WHAT IS REQUIRED –
Which lines of the entries below run from the one holding "W(V) is empty" to the one holding "have : pairwise", inclusive? Set down exactly those lines and no others.

EXCERPTED DATA –
Start of Block
(* Let $Q_{1}=(Q_{1,i})_{i\in[d]}$ and $Q_{2}=(Q_{2,i})_{i\in[d]}$ be nonnegative vectors with $Q_{1,i}+Q_{2,i}>0$ for all $i\in[d]$, let $I_0\subset[d]$ be the largest reference set (so that $Q_{1,i}=bQ_{2,i}$ for all $i\in I_0$ for some $b>0$, and every $i\notin I_0$ is differential with respect to $I_0$), and let $I_1=[d]\setminus I_0$. Run the following iterative procedure: set $U_{(0)}=\emptyset$, $V_{(0)}=[d]$; for $t=0,1,\ldots$, (a) compute $M(V_{(t)})=\mathrm{Median}\{R_i(V_{(t)}):i\in V_{(t)}\}$; (b) set $W_{(t)}=W^{+}(V_{(t)})\cup W^{-}(V_{(t)})$ if $M(V_{(t)})=0$, $W_{(t)}=W^{-}(V_{(t)})\cup W^{o}(V_{(t)})$ if $M(V_{(t)})>0$, and $W_{(t)}=W^{+}(V_{(t)})\cup W^{o}(V_{(t)})$ if $M(V_{(t)})<0$; (c) set $U_{(t+1)}=U_{(t)}\cup W_{(t)}$, $V_{(t+1)}=V_{(t)}\setminus W_{(t)}$, and stop if $W_{(t)}=\emptyset$. Let $T$ be the iteration at which the loop stops, and set $\hat I_0=V_{(T)}$, $\hat I_1=U_{(T)}$. If $|I_0|>d/2$, then $$T\le |I_1|+1,\qquad \hat I_0=I_0,\qquad \hat I_1=I_1.$$
   Context: $[d]=\{1,\ldots,d\}$. $Q_{k,i}$ denotes the (known) expected relative abundance of component $i$ in population $k\in\{1,2\}$. A subset $I_0\subset[d]$ is a reference set if there exists $b>0$ with $Q_{1,i}=bQ_{2,i}$ for all $i\in I_0$; component $i$ is differential with respect to $I_0$ if $Q_{1,i}/\sum_{i'\in I_0}Q_{1,i'}\ne Q_{2,i}/\sum_{i'\in I_0}Q_{2,i'}$. For $I\subset[d]$ and $i\in I$, $R_i(I)=Q_{1,i}/\sum_{i'\in I}Q_{1,i'}-Q_{2,i}/\sum_{i'\in I}Q_{2,i'}$, and $W^{+}(I)=\{i\in I:R_i(I)>0\}$, $W^{-}(I)=\{i\in I:R_i(I)<0\}$, $W^{o}(I)=\{i\in I:R_i(I)=0\}$. *)

From HB Require Import structures.
From mathcomp Require Import all_boot all_order all_algebra.
Set Implicit Arguments. Unset Strict Implicit. Unset Printing Implicit Defensive.
Import Order.TTheory GRing.Theory Num.Theory.
Local Open Scope ring_scope.

Section Defs.
Variables (R : realFieldType) (d : nat) (Q1 Q2 : 'I_d -> R).

Definition reference_set (I0 : {set 'I_d}) : Prop :=
  exists2 b : R, 0 < b & forall i, i \in I0 -> Q1 i = b * Q2 i.

Definition differential (I0 : {set 'I_d}) (i : 'I_d) : Prop :=
  Q1 i / (\sum_(j in I0) Q1 j) != Q2 i / (\sum_(j in I0) Q2 j).

Definition Rval (I : {set 'I_d}) (i : 'I_d) : R :=
  Q1 i / (\sum_(j in I) Q1 j) - Q2 i / (\sum_(j in I) Q2 j).

Definition Wplus (I : {set 'I_d}) : {set 'I_d} := [set i in I | 0 < Rval I i].
Definition Wminus (I : {set 'I_d}) : {set 'I_d} := [set i in I | Rval I i < 0].
Definition Wzero (I : {set 'I_d}) : {set 'I_d} := [set i in I | Rval I i == 0].

Definition median (s : seq R) : R :=
  let t := sort <=%R s in
  let n := size t in
  if n == 0%N then 0
  else if odd n then nth 0 t n./2
  else (nth 0 t n./2.-1 + nth 0 t n./2) / 2%:R.

Definition Mval (V : {set 'I_d}) : R := median [seq Rval V i | i <- enum V].

Definition Wset (V : {set 'I_d}) : {set 'I_d} :=
  if Mval V == 0 then Wplus V :|: Wminus V
  else if 0 < Mval V then Wminus V :|: Wzero V
  else Wplus V :|: Wzero V.

Definition step (UV : {set 'I_d} * {set 'I_d}) : {set 'I_d} * {set 'I_d} :=
  let W := Wset UV.2 in (UV.1 :|: W, UV.2 :\: W).

Definition UVt (t : nat) : {set 'I_d} * {set 'I_d} := iter t step (set0, setT).

End Defs.

From HB Require Import structures.
From mathcomp Require Import all_boot all_order all_algebra.
From mathcomp Require Import zify ring.
Import Order.TTheory GRing.Theory Num.Theory Num.Def.
Local Open Scope ring_scope.
Set Implicit Arguments. Unset Strict Implicit.

(* Write S_k(V) for the sum of the Q_k i over i in V and let b be the ratio on
   I0.  As long as I0 is contained in V, every residual R_i(V) with i in I0 has
   the sign of e(V) = b S_2(V) - S_1(V).  These residuals are a strict majority
   and each sign class is convex, so the median has that sign too; hence
   W(V) = {i in V | sg R_i(V) <> sg M(V)} never meets I0.  Moreover W(V) is empty
   only when V = I0: if e(V) <> 0, because the residuals sum to zero; if
   e(V) = 0, because then R_i(V) = 0 exactly when Q_1i = b Q_2i, which fails off
   I0.  So V_(t) shrinks strictly until it reaches I0, within |I1| steps. *)

Section MedianOfMajority.
Variables (R : realFieldType) (P : pred R).
Hypothesis P_convex : forall x y z, x <= y -> y <= z -> P x -> P z -> P y.

Lemma nth_sort_majority (s : seq R) k :
  (2 * k <= size s <= 2 * k.+1)%N -> (size s < 2 * count P s)%N ->
  P (nth 0 (sort <=%R s) k).
Proof.
move=> /andP[lo hi] maj; set t := sort <=%R s.
have size_t : size t = size s by rewrite size_sort.
have count_t : count P t = count P s by apply/permP; rewrite perm_sort.
have k_lt : (k < size t)%N by have := count_size P s; lia.
have t_split : t = take k t ++ nth 0 t k :: drop k.+1 t.
  by rewrite -drop_nth ?cat_take_drop.
have : pairwise <=%R (take k t ++ nth 0 t k :: drop k.+1 t).
  by rewrite -t_split -(sorted_pairwise le_trans); exact: (sort_sorted (@le_total _ R)).
rewrite pairwise_cat allrel_consr pairwise_cons.
move=> /and3P[/andP[/allP le_k _] _ /andP[/allP k_le _]].
apply/negPn/negP => nPk.
have count_split : count P s = (count P (take k t) + count P (drop k.+1 t))%N.
  by rewrite -count_t {1}t_split count_cat /= (negbTE nPk).
have := count_size P (take k t); have := count_size P (drop k.+1 t).
rewrite size_take k_lt size_drop size_t => le_drop le_take.
have /hasP[x x_in Px] : has P (take k t) by rewrite has_count; lia.
have /hasP[z z_in Pz] : has P (drop k.+1 t) by rewrite has_count; lia.
by rewrite (P_convex (le_k x x_in) (k_le z z_in) Px Pz) in nPk.
Qed.

Lemma median_majority (s : seq R) : (size s < 2 * count P s)%N -> P (median s).
Proof.
move=> maj; have s_gt0 : (0 < size s)%N by have := count_size P s; lia.
have size_t : size (sort <=%R s) = size s by rewrite size_sort.
have mid k : (2 * k <= size s <= 2 * k.+1)%N -> P (nth 0 (sort <=%R s) k).
  by move=> k_mid; apply: nth_sort_majority.
have := odd_double_half (size s); rewrite -mul2n /median /= size_t (gtn_eqF s_gt0).
case: ifP => [_ /= n_eq|_ /= n_eq]; first by apply: mid; lia.
have le_mid : nth 0 (sort <=%R s) (size s)./2.-1 <= nth 0 (sort <=%R s) (size s)./2.
  apply: (sorted_leq_nth le_trans lexx); rewrite ?inE ?size_t; try lia.
  exact: (sort_sorted (@le_total _ R)).
have [lo hi] := midf_le le_mid.
by apply: (P_convex lo hi); apply: mid; lia.
Qed.

End MedianOfMajority.

Lemma sgr_convex (R : realDomainType) (x y z : R) :
  x <= y -> y <= z -> sgr x = sgr z -> sgr y = sgr x.
Proof.
move=> le_xy le_yz; have [x_gt0|x_lt0|x0] := ltrgt0P x.
- by move=> _; rewrite !gtr0_sg ?(lt_le_trans x_gt0 le_xy).
- rewrite (ltr0_sg x_lt0) => sg_z.
  have z_lt0 : z < 0 by rewrite -sgr_lt0 -sg_z ltrN10.
  by rewrite ltr0_sg ?(le_lt_trans le_yz z_lt0).
- rewrite x0 sgr0 in le_xy * => /esym/eqP; rewrite sgr_eq0 => /eqP z0.
  by apply/eqP; rewrite sgr_eq0 eq_le le_xy -z0 le_yz.
Qed.

Lemma sum_eq0_sgr_neq (R : realDomainType) (I : finType) (A : {pred I})
    (f : I -> R) i0 :
  i0 \in A -> f i0 != 0 -> \sum_(i in A) f i = 0 ->
  exists2 i, i \in A & sgr (f i) != sgr (f i0).
Proof.
move=> i0A fi0 sum0.
have [i /andP[iA neq]|same] := pickP [pred i | (i \in A) && (sgr (f i) != sgr (f i0))].
  by exists i.
have sum_sg : \sum_(i in A) f i = sgr (f i0) * \sum_(i in A) `|f i|.
  rewrite mulr_sumr; apply: eq_bigr => i iA.
  by have := same i; rewrite /= iA /= => /negbFE/eqP <-; rewrite -numEsg.
have norm_gt0 : 0 < \sum_(i in A) `|f i|.
  by rewrite (bigD1 i0) //= ltr_wpDr ?sumr_ge0 ?normr_gt0.
by move/eqP: sum0; rewrite sum_sg mulf_eq0 sgr_eq0 (negbTE fi0) gt_eqF.
Qed.

Lemma card_le_count_map (T : finType) (X : Type) (A B : {set T}) (f : T -> X)
    (P : pred X) :
  A \subset B -> (forall i, i \in A -> P (f i)) ->
  (#|A| <= count P [seq f i | i <- enum B])%N.
Proof.
move=> AB PA; rewrite count_map -size_filter cardE.
apply: uniq_leq_size (enum_uniq _) _ => i; rewrite mem_enum mem_filter mem_enum => iA.
by rewrite /preim /= PA // (subsetP AB).
Qed.

Section Residuals.
Variables (R : realFieldType) (d : nat) (Q1 Q2 : 'I_d -> R).
Implicit Types (V : {set 'I_d}) (i : 'I_d) (b : R).
Local Notation S1 V := (\sum_(j in V) Q1 j).
Local Notation S2 V := (\sum_(j in V) Q2 j).
Local Notation Rval := (Rval Q1 Q2).

Lemma sum_Rval V : S1 V != 0 -> S2 V != 0 -> \sum_(i in V) Rval V i = 0.
Proof. by move=> ? ?; rewrite big_split /= sumrN -!mulr_suml !divff // subrr. Qed.

Lemma Rval_eq0 V i b : b != 0 -> S2 V != 0 -> S1 V = b * S2 V ->
  (Rval V i == 0) = (Q1 i == b * Q2 i).
Proof.
move=> b_neq0 S2_neq0 S1_eq.
have -> : Rval V i = (Q1 i - b * Q2 i) / (b * S2 V).
  by rewrite /Rval S1_eq; field; rewrite b_neq0 S2_neq0.
by rewrite mulf_eq0 invr_eq0 mulf_eq0 (negbTE b_neq0) (negbTE S2_neq0) !orbF subr_eq0.
Qed.

Lemma sgr_Rval_ratio V i b :
  0 < S1 V -> 0 < S2 V -> 0 < Q2 i -> Q1 i = b * Q2 i ->
  sgr (Rval V i) = sgr (b * S2 V - S1 V).
Proof.
move=> S1_gt0 S2_gt0 Q2_gt0 Q1_eq.
have -> : Rval V i = Q2 i / (S1 V * S2 V) * (b * S2 V - S1 V).
  by rewrite /Rval Q1_eq; field; rewrite !gt_eqF.
by rewrite sgrM gtr0_sg ?mul1r // divr_gt0 ?mulr_gt0.
Qed.

Lemma differential_Rval I0 i : differential Q1 Q2 I0 i -> Rval I0 i != 0.
Proof. by rewrite /differential /Rval subr_eq0. Qed.

Lemma Wset_sgr V :
  Wset Q1 Q2 V = [set i in V | sgr (Rval V i) != sgr (Mval Q1 Q2 V)].
Proof.
have N1_lt1 : (-1 : R) < 1 := lt_trans (ltrN10 R) ltr01.
apply/setP => i; rewrite /Wset !inE.
have [M_gt0|M_lt0|->] := ltrgt0P (Mval Q1 Q2 V);
  rewrite ?(gtr0_sg M_gt0) ?(ltr0_sg M_lt0) ?sgr0 !inE -!andb_orr; case: (i \in V) => //=.
all: have [R_gt0|R_lt0|->] := ltrgt0P (Rval V i);
  rewrite ?(gtr0_sg R_gt0) ?(ltr0_sg R_lt0) ?sgr0 //.
all: by rewrite ?eqxx // ?(eq_sym 0) ?oppr_eq0 ?oner_eq0 ?(lt_eqF N1_lt1) ?(gt_eqF N1_lt1).
Qed.

End Residuals.

Section ReferenceSet.
Variables (R : realFieldType) (d : nat) (Q1 Q2 : 'I_d -> R) (I0 : {set 'I_d}) (b : R).
Hypotheses (Q1_ge0 : forall i, 0 <= Q1 i) (Q2_ge0 : forall i, 0 <= Q2 i).
Hypotheses (b_gt0 : 0 < b) (Q1_I0 : forall i, i \in I0 -> Q1 i = b * Q2 i).
Hypothesis Q2_I0 : forall i, i \in I0 -> 0 < Q2 i.
Hypothesis I0_differential : forall i, i \notin I0 -> differential Q1 Q2 I0 i.
Hypothesis I0_majority : (d < 2 * #|I0|)%N.

Local Notation S1 V := (\sum_(j in V) Q1 j).
Local Notation S2 V := (\sum_(j in V) Q2 j).
Local Notation Rval := (Rval Q1 Q2).

Lemma sum_gt0_I0 (Q : 'I_d -> R) (V : {set 'I_d}) :
  (forall i, 0 <= Q i) -> (forall i, i \in I0 -> 0 < Q i) -> I0 \subset V ->
  0 < \sum_(j in V) Q j.
Proof.
move=> Q_ge0 Q_I0 I0V; have /set0Pn[i0 i0I0] : I0 != set0.
  by rewrite -card_gt0; lia.
by rewrite (bigD1 i0) ?(subsetP I0V) //= ltr_wpDr ?sumr_ge0 ?Q_I0.
Qed.

Lemma S1_I0 : S1 I0 = b * S2 I0.
Proof. by rewrite mulr_sumr; apply: eq_bigr => i /Q1_I0. Qed.

Lemma ratio_outside_I0 i : i \notin I0 -> Q1 i != b * Q2 i.
Proof.
move=> /I0_differential /differential_Rval.
by rewrite (Rval_eq0 _ (lt0r_neq0 b_gt0)) ?S1_I0 // lt0r_neq0 //
  (sum_gt0_I0 Q2_ge0 Q2_I0).
Qed.

Variable V : {set 'I_d}.
Hypothesis I0V : I0 \subset V.

Let S1_gt0 : 0 < S1 V.
Proof. by apply: sum_gt0_I0 => // i iI0; rewrite Q1_I0 ?mulr_gt0 ?Q2_I0. Qed.

Let S2_gt0 : 0 < S2 V.
Proof. exact: sum_gt0_I0. Qed.

Local Notation e := (b * S2 V - S1 V).

Lemma sgr_Rval_I0 i : i \in I0 -> sgr (Rval V i) = sgr e.
Proof.
by move=> iI0; apply: sgr_Rval_ratio; rewrite ?S1_gt0 ?S2_gt0 ?Q1_I0 ?Q2_I0.
Qed.

Lemma sgr_Mval : sgr (Mval Q1 Q2 V) = sgr e.
Proof.
apply/eqP; apply: (median_majority (P := fun x => sgr x == sgr e)).
  by move=> x y z le_xy le_yz /eqP <- /eqP sg_xz; rewrite (sgr_convex le_xy le_yz).
have le_I0_count := card_le_count_map (P := fun x => sgr x == sgr e) I0V
  (fun i iI0 => introT eqP (sgr_Rval_I0 iI0)).
rewrite size_map -cardE; apply: leq_ltn_trans (max_card V) _; rewrite card_ord.
by apply: leq_trans I0_majority _; rewrite leq_mul2l le_I0_count orbT.
Qed.

Lemma Wset_subD : Wset Q1 Q2 V \subset V :\: I0.
Proof.
apply/subsetP => i; rewrite Wset_sgr !inE => /andP[iV]; rewrite iV andbT.
by apply: contra => iI0; rewrite sgr_Rval_I0 // sgr_Mval.
Qed.

Lemma Wset_neq0 : V != I0 -> Wset Q1 Q2 V != set0.
Proof.
move=> VnI0; rewrite Wset_sgr; apply/set0Pn.
have [e0|e_neq0] := eqVneq e 0.
  have [i iV iI0] : exists2 i, i \in V & i \notin I0.
    by apply/subsetPn; apply: contra VnI0 => VI0; rewrite eqEsubset VI0.
  exists i; rewrite inE iV sgr_Mval e0 sgr0 sgr_eq0 /=.
  rewrite (Rval_eq0 _ (lt0r_neq0 b_gt0) (lt0r_neq0 S2_gt0)) ?ratio_outside_I0 //.
  by apply/esym/eqP; rewrite -subr_eq0 e0.
have /set0Pn[i0 i0I0] : I0 != set0 by rewrite -card_gt0; lia.
have i0V := subsetP I0V _ i0I0.
have [|i iV] := sum_eq0_sgr_neq (f := Rval V) i0V _
  (sum_Rval (lt0r_neq0 S1_gt0) (lt0r_neq0 S2_gt0)).
  by rewrite -sgr_eq0 sgr_Rval_I0 // sgr_eq0.
by rewrite (sgr_Rval_I0 i0I0) -sgr_Mval => neq; exists i; rewrite inE iV.
Qed.

End ReferenceSet.

Section Iteration.
Variables (R : realFieldType) (d : nat) (Q1 Q2 : 'I_d -> R) (I0 : {set 'I_d}).
Hypothesis W_subD :
  forall V : {set 'I_d}, I0 \subset V -> Wset Q1 Q2 V \subset V :\: I0.
Hypothesis W_neq0 :
  forall V : {set 'I_d}, I0 \subset V -> V != I0 -> Wset Q1 Q2 V != set0.
Local Notation UV := (UVt Q1 Q2).

Lemma Wset_I0 : Wset Q1 Q2 I0 = set0.
Proof. by apply/eqP; rewrite -subset0 -(setDv I0) W_subD. Qed.

Lemma UVtS t : UV t.+1 = step Q1 Q2 (UV t).
Proof. exact: iterS. Qed.

Lemma UVt_invariant t : I0 \subset (UV t).2 /\ (UV t).1 = ~: (UV t).2.
Proof.
elim: t => [|t [I0V U_eq]]; first by rewrite /UVt /= subsetT setCT.
rewrite UVtS /=; split; last by rewrite U_eq setDE setCI setCK.
apply/subsetP => i iI0; rewrite inE (subsetP I0V) // andbT.
by apply/negP => /(subsetP (W_subD I0V)); rewrite inE iI0.
Qed.

Lemma UVt_card t : (UV t).2 = I0 \/ (t + #|(UV t).2| <= d)%N.
Proof.
elim: t => [|t IH]; first by right; rewrite /UVt /= cardsT card_ord.
have [I0V _] := UVt_invariant t.
have [VI0|VnI0] := eqVneq (UV t).2 I0.
  by left; rewrite UVtS /= VI0 Wset_I0 setD0.
case: IH => [/eqP|IH]; first by rewrite (negbTE VnI0).
right; rewrite UVtS /=.
have WV : Wset Q1 Q2 (UV t).2 \subset (UV t).2.
  exact: subset_trans (W_subD I0V) (subsetDl _ _).
have := W_neq0 I0V VnI0; rewrite -card_gt0 => W_gt0.
rewrite cardsD (setIidPr WV); have := subset_leq_card WV; lia.
Qed.

Lemma UVt_stops : exists T : nat,
  [/\ Wset Q1 Q2 (UV T).2 = set0,
      (forall t, (t < T)%N -> Wset Q1 Q2 (UV t).2 != set0),
      (T <= #|~: I0| + 1)%N,
      (UV T).2 = I0 &
      (UV T).1 = ~: I0].
Proof.
have reach_I0 : (UV #|~: I0|).2 == I0.
  have [I0V _] := UVt_invariant #|~: I0|.
  have := cardsC I0; rewrite card_ord => card_I0.
  case: (UVt_card #|~: I0|) => [->//|le_d].
  rewrite eq_sym eqEcard I0V -(leq_add2l #|~: I0|).
  by rewrite [X in (_ <= X)%N]addnC card_I0.
have [T /eqP VT T_min] := ex_minnP (ex_intro (fun t => (UV t).2 == I0) _ reach_I0).
have [_ U_eq] := UVt_invariant T.
exists T; split => //; first by rewrite VT Wset_I0.
- move=> t t_lt; have [I0V _] := UVt_invariant t; apply: W_neq0 I0V _.
  by apply: contraTneq t_lt => /eqP /T_min; rewrite -leqNgt.
- by rewrite addn1; apply/leqW/T_min.
- by rewrite U_eq VT.
Qed.

End Iteration.

Theorem theorem1 (R : realFieldType) (d : nat) (Q1 Q2 : 'I_d -> R)
    (I0 : {set 'I_d})
    (hQ1 : forall i, 0 <= Q1 i) (hQ2 : forall i, 0 <= Q2 i)
    (hQ : forall i, 0 < Q1 i + Q2 i)
    (hI0ref : reference_set Q1 Q2 I0)
    (hI0max : forall J : {set 'I_d}, reference_set Q1 Q2 J -> (#|J| <= #|I0|)%N)
    (hI0diff : forall i, i \notin I0 -> differential Q1 Q2 I0 i)
    (hmaj : (d < 2 * #|I0|)%N) :
  let I1 := ~: I0 in
  exists T : nat,
    [/\ Wset Q1 Q2 (UVt Q1 Q2 T).2 = set0,
        (forall t, (t < T)%N -> Wset Q1 Q2 (UVt Q1 Q2 t).2 != set0),
        (T <= #|I1| + 1)%N,
        (UVt Q1 Q2 T).2 = I0 &
        (UVt Q1 Q2 T).1 = I1].
Proof.
case: hI0ref => b b_gt0 Q1_I0.
have Q2_I0 i : i \in I0 -> 0 < Q2 i.
  move=> iI0; have := hQ i.
  by rewrite Q1_I0 // -{2}(mul1r (Q2 i)) -mulrDl pmulr_rgt0 // addr_gt0.
apply: UVt_stops => V I0V.
- exact: (Wset_subD hQ1 hQ2 b_gt0 Q1_I0 Q2_I0 hmaj I0V).
- exact: (Wset_neq0 hQ1 hQ2 b_gt0 Q1_I0 Q2_I0 hI0diff hmaj I0V).
Qed.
End of Block
WRITTEN ANSWER –
   W(V) = {i in V | sg R_i(V) <> sg M(V)} never meets I0.  Moreover W(V) is empty
   only when V = I0: if e(V) <> 0, because the residuals sum to zero; if
   e(V) = 0, because then R_i(V) = 0 exactly when Q_1i = b Q_2i, which fails off
   I0.  So V_(t) shrinks strictly until it reaches I0, within |I1| steps. *)

Section MedianOfMajority.
Variables (R : realFieldType) (P : pred R).
Hypothesis P_convex : forall x y z, x <= y -> y <= z -> P x -> P z -> P y.

Lemma nth_sort_majority (s : seq R) k :
  (2 * k <= size s <= 2 * k.+1)%N -> (size s < 2 * count P s)%N ->
  P (nth 0 (sort <=%R s) k).
Proof.
move=> /andP[lo hi] maj; set t := sort <=%R s.
have size_t : size t = size s by rewrite size_sort.
have count_t : count P t = count P s by apply/permP; rewrite perm_sort.
have k_lt : (k < size t)%N by have := count_size P s; lia.
have t_split : t = take k t ++ nth 0 t k :: drop k.+1 t.
  by rewrite -drop_nth ?cat_take_drop.
have : pairwise <=%R (take k t ++ nth 0 t k :: drop k.+1 t).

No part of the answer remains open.